◆ WORK TO COMPLETE
What is needed here is an exact reprint of every record below.

◆ Recorded data
Lemma norm2_mulmx_bounded :
  exists2 C : R, 0 <= C & forall x, norm2 (A *m x) ^+ 2 <= C * norm2 x ^+ 2.
Proof.
pose r i : 'cV[R]_n := (row i A)^T.
exists (\sum_i norm2 (r i) ^+ 2); first by apply: sumr_ge0 => i _; rewrite sqr_ge0.
move=> x; rewrite mulr_suml norm2_sq; apply: ler_sum => i _.
have -> : (A *m x) i 0 = dot (r i) x by rewrite mxE; apply: eq_bigr => j _; rewrite !mxE.
rewrite -exprMn -expr2 -real_normK ?num_real //.
by rewrite lerXn2r ?nnegrE ?normr_ge0 ?mulr_ge0 ?norm2_ge0 ?cauchy_schwarz.
Qed.

Lemma rip_set0 l : rip_set l !=set0.
Proof.
have [C C0 bounded] := norm2_mulmx_bounded.
exists (C + 1); split=> [|x _]; first lra.
have := bounded x; have := sqr_ge0 (norm2 x); have := sqr_ge0 (norm2 (A *m x)).
split; nra.
Qed.

Lemma rip_const_ge0 l : 0 <= rip_const A l.
Proof. by apply: lb_le_inf; [exact: rip_set0 | move=> d []]. Qed.

Lemma rip_constP l x : sparse l x ->
  (1 - rip_const A l) * norm2 x ^+ 2 <= norm2 (A *m x) ^+ 2 /\
  norm2 (A *m x) ^+ 2 <= (1 + rip_const A l) * norm2 x ^+ 2.
Proof.
move=> sx; have N0 := sqr_ge0 (norm2 x).
have hinf : has_inf (rip_set l) by split; [exact: rip_set0 | exists 0 => d []].
split; apply: (le_of_le_add_mul N0) => eps /inf_adherent /(_ hinf)[d [_ rip_d] lt_d];
  have [lo hi] := rip_d x sx; rewrite /rip_const -/(rip_set l); nra.
Qed.

Lemma le_rip_const l l' : (l <= l')%N -> rip_const A l <= rip_const A l'.
Proof.
move=> ll'; apply: lb_le_inf; first exact: rip_set0.
move=> d [d0 rip_d]; apply: ge_inf; first by exists 0 => d' [].
by split=> // x sx; apply: rip_d; apply: leq_trans sx ll'.
Qed.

◆ TASK RESPONSE
Lemma norm2_mulmx_bounded :
  exists2 C : R, 0 <= C & forall x, norm2 (A *m x) ^+ 2 <= C * norm2 x ^+ 2.
Proof.
pose r i : 'cV[R]_n := (row i A)^T.
exists (\sum_i norm2 (r i) ^+ 2); first by apply: sumr_ge0 => i _; rewrite sqr_ge0.
move=> x; rewrite mulr_suml norm2_sq; apply: ler_sum => i _.
have -> : (A *m x) i 0 = dot (r i) x by rewrite mxE; apply: eq_bigr => j _; rewrite !mxE.
rewrite -exprMn -expr2 -real_normK ?num_real //.
by rewrite lerXn2r ?nnegrE ?normr_ge0 ?mulr_ge0 ?norm2_ge0 ?cauchy_schwarz.
Qed.

Lemma rip_set0 l : rip_set l !=set0.
Proof.
have [C C0 bounded] := norm2_mulmx_bounded.
exists (C + 1); split=> [|x _]; first lra.
have := bounded x; have := sqr_ge0 (norm2 x); have := sqr_ge0 (norm2 (A *m x)).
split; nra.
Qed.

Lemma rip_const_ge0 l : 0 <= rip_const A l.
Proof. by apply: lb_le_inf; [exact: rip_set0 | move=> d []]. Qed.

Lemma rip_constP l x : sparse l x ->
  (1 - rip_const A l) * norm2 x ^+ 2 <= norm2 (A *m x) ^+ 2 /\
  norm2 (A *m x) ^+ 2 <= (1 + rip_const A l) * norm2 x ^+ 2.
Proof.
move=> sx; have N0 := sqr_ge0 (norm2 x).
have hinf : has_inf (rip_set l) by split; [exact: rip_set0 | exists 0 => d []].
split; apply: (le_of_le_add_mul N0) => eps /inf_adherent /(_ hinf)[d [_ rip_d] lt_d];
  have [lo hi] := rip_d x sx; rewrite /rip_const -/(rip_set l); nra.
Qed.

Lemma le_rip_const l l' : (l <= l')%N -> rip_const A l <= rip_const A l'.
Proof.
move=> ll'; apply: lb_le_inf; first exact: rip_set0.
move=> d [d0 rip_d]; apply: ge_inf; first by exists 0 => d' [].
by split=> // x sx; apply: rip_d; apply: leq_trans sx ll'.
Qed.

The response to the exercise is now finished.